═══ Dataset ═══

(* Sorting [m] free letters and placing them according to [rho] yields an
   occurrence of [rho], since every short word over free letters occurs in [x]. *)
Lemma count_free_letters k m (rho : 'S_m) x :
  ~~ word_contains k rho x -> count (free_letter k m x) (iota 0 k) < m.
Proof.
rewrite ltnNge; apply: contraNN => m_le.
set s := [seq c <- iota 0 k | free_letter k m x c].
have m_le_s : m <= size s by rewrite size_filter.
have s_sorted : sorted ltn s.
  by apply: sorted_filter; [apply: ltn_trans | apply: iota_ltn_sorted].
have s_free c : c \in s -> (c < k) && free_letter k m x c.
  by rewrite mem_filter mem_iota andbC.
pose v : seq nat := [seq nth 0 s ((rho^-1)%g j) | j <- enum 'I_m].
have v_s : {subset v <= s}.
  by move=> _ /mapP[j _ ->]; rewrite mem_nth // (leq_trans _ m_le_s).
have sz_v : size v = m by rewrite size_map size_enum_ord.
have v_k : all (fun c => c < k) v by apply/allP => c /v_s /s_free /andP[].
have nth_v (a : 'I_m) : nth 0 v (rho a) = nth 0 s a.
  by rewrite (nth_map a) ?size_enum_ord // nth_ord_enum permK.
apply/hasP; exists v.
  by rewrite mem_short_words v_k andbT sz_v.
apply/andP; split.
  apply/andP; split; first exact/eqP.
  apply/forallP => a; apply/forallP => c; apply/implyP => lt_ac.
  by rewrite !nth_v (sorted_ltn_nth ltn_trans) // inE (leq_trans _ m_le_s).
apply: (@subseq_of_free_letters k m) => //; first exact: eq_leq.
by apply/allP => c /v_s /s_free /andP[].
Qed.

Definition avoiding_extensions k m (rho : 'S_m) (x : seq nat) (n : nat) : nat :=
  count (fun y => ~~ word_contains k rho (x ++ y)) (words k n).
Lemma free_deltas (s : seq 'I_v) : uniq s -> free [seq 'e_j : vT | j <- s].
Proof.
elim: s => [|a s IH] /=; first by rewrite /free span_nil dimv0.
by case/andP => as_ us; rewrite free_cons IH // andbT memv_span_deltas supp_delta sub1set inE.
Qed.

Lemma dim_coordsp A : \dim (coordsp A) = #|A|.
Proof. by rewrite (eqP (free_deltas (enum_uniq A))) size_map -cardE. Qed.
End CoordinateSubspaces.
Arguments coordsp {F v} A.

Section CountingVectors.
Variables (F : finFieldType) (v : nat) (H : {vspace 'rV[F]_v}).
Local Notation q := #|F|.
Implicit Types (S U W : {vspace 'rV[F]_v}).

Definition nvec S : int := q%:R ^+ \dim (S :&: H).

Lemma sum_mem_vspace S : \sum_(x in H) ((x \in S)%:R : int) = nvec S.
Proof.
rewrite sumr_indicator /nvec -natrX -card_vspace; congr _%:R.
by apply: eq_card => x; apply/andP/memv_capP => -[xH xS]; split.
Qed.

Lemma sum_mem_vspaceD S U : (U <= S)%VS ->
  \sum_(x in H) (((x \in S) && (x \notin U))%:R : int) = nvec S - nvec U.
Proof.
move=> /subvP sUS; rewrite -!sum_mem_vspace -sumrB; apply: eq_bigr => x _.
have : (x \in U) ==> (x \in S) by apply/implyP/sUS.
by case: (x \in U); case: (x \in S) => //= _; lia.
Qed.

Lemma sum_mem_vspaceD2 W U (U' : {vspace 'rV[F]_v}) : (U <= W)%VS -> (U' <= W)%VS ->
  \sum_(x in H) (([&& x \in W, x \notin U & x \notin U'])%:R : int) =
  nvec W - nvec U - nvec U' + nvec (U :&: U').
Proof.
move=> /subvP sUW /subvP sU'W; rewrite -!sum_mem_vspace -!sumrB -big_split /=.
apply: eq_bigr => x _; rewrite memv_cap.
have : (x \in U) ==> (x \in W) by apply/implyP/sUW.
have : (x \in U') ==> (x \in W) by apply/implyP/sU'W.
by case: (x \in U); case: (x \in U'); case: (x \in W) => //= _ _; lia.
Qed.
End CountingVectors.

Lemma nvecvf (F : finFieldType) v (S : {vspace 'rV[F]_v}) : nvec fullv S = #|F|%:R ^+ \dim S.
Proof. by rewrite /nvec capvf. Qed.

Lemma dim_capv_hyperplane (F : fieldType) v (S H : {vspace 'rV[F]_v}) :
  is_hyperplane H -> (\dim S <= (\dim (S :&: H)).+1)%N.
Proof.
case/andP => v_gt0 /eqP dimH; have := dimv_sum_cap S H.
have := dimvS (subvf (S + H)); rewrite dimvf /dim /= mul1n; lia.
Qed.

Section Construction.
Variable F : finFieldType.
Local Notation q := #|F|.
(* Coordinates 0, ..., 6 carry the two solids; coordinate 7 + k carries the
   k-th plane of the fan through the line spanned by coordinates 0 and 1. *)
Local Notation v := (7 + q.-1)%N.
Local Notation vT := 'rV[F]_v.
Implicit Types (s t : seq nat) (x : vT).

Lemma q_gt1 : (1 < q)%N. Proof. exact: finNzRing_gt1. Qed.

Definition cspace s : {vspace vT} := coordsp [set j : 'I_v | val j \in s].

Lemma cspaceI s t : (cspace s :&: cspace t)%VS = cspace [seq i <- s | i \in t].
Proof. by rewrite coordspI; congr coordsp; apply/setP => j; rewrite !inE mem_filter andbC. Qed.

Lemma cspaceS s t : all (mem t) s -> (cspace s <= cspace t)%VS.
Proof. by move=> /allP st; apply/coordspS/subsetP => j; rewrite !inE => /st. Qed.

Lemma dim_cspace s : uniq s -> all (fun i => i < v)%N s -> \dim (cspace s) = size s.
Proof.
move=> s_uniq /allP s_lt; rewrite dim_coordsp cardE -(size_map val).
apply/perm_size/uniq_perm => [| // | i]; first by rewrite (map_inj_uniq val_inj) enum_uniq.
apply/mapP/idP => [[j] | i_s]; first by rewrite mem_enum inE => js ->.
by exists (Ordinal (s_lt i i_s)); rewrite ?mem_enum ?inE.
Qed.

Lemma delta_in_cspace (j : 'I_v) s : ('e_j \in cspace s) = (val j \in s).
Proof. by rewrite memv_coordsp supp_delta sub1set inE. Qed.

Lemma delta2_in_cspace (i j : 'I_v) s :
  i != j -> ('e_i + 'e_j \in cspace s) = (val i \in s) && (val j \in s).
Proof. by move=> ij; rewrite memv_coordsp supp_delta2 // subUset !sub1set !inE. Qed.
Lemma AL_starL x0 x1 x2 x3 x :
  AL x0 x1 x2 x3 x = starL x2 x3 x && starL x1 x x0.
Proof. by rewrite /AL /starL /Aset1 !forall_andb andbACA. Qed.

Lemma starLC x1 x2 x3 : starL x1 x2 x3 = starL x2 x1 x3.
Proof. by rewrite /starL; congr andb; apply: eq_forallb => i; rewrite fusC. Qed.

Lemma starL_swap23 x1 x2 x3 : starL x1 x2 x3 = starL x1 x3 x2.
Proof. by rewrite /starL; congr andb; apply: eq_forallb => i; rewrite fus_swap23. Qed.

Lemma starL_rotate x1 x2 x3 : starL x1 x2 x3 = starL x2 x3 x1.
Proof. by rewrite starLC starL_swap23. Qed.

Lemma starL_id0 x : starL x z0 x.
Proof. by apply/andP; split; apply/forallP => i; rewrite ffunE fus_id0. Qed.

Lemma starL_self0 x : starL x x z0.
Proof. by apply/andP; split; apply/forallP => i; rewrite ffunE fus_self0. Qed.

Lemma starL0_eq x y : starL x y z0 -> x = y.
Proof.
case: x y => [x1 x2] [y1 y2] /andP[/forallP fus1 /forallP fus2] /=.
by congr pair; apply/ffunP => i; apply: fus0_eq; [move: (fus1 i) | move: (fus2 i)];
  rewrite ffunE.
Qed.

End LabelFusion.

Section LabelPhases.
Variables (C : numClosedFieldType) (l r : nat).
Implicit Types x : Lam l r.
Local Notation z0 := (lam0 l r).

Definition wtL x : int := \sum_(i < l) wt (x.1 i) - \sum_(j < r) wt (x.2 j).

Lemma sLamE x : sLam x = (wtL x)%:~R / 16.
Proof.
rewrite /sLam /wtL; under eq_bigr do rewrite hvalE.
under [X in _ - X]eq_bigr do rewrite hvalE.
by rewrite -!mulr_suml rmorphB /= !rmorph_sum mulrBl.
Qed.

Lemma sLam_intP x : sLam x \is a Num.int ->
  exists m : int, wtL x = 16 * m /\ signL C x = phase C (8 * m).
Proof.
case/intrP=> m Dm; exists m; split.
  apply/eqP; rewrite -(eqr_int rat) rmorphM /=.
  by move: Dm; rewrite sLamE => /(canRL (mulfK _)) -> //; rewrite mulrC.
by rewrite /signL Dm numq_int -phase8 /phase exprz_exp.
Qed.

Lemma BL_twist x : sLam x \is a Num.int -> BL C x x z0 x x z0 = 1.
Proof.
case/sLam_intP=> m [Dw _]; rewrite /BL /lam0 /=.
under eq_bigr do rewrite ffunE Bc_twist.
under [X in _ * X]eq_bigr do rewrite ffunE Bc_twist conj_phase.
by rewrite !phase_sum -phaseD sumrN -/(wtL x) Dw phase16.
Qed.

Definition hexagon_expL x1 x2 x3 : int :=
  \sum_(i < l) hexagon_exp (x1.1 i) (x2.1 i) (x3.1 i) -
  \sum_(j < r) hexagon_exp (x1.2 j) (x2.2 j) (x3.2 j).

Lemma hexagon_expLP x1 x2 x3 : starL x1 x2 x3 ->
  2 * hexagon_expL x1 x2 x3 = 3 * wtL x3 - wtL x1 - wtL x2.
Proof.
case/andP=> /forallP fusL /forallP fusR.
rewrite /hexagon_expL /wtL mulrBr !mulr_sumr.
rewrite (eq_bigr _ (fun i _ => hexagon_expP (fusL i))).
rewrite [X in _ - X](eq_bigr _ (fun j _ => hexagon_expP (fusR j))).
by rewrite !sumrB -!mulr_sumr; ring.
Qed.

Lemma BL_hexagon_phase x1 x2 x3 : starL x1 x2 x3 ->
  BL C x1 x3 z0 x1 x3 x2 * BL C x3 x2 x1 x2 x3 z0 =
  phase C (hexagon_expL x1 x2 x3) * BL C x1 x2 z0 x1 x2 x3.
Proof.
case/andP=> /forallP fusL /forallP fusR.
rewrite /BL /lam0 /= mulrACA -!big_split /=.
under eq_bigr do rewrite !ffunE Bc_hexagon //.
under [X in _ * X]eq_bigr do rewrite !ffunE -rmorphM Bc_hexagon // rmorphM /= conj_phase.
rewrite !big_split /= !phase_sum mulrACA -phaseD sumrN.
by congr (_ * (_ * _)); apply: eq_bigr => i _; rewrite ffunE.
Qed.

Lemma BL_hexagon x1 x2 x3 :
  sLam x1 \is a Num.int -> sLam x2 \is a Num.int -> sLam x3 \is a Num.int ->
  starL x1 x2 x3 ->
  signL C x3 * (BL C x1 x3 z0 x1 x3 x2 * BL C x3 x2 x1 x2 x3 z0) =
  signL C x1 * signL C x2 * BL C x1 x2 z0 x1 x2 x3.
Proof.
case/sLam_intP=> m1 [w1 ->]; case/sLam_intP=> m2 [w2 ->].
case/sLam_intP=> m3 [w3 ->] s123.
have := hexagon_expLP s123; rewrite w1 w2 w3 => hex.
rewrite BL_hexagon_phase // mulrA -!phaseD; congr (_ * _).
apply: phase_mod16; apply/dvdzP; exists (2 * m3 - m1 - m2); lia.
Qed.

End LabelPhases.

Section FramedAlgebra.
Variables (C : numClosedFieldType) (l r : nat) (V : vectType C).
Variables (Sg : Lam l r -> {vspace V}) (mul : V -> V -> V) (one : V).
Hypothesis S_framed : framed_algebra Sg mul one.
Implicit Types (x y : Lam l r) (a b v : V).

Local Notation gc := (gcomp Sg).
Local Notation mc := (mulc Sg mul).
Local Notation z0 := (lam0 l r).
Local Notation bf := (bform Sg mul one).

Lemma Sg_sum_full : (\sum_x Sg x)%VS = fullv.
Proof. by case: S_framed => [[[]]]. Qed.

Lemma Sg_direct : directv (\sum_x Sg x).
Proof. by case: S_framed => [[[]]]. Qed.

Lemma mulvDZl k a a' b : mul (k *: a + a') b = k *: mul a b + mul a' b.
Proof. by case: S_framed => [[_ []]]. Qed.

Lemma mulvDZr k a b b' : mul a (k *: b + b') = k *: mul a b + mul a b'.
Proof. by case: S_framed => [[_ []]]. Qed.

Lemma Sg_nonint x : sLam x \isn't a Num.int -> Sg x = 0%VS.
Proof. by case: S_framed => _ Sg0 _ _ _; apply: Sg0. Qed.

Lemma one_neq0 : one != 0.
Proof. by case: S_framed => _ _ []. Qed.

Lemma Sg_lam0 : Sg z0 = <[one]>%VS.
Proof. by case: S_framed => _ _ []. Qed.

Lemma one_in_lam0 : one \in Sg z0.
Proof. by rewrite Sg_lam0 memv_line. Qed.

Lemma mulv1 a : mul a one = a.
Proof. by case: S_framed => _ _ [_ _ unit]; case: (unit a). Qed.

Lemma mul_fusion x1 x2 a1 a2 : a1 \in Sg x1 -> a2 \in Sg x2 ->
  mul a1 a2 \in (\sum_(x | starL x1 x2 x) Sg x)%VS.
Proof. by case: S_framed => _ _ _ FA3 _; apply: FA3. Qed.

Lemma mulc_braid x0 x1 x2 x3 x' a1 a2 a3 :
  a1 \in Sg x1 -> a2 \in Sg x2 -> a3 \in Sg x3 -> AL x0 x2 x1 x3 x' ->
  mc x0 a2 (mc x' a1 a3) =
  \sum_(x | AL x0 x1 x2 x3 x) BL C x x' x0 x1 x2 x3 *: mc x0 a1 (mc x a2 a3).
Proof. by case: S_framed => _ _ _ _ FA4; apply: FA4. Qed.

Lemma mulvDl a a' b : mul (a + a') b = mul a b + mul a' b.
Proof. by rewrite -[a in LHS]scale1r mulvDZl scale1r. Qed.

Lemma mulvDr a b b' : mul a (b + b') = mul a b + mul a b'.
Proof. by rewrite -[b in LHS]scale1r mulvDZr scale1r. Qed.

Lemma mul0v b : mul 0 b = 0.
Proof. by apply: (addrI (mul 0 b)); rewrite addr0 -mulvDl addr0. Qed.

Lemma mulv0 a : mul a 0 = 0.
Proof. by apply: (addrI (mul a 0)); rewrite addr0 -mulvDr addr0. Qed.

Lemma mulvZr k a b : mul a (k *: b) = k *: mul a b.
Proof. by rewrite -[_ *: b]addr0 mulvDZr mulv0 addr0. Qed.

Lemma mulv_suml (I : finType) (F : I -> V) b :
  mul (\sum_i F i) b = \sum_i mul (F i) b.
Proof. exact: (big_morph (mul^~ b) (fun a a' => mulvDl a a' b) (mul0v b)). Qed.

═══

Using the entries above, give again exactly the lines from the line holding "case/sLam_intP=> m3 [w3 ->] s123." through the line holding "Variables (Sg : Lam". Include both end lines and nothing else.

**Reply to the task**.
case/sLam_intP=> m3 [w3 ->] s123.
have := hexagon_expLP s123; rewrite w1 w2 w3 => hex.
rewrite BL_hexagon_phase // mulrA -!phaseD; congr (_ * _).
apply: phase_mod16; apply/dvdzP; exists (2 * m3 - m1 - m2); lia.
Qed.

End LabelPhases.

Section FramedAlgebra.
Variables (C : numClosedFieldType) (l r : nat) (V : vectType C).
Variables (Sg : Lam l r -> {vspace V}) (mul : V -> V -> V) (one : V).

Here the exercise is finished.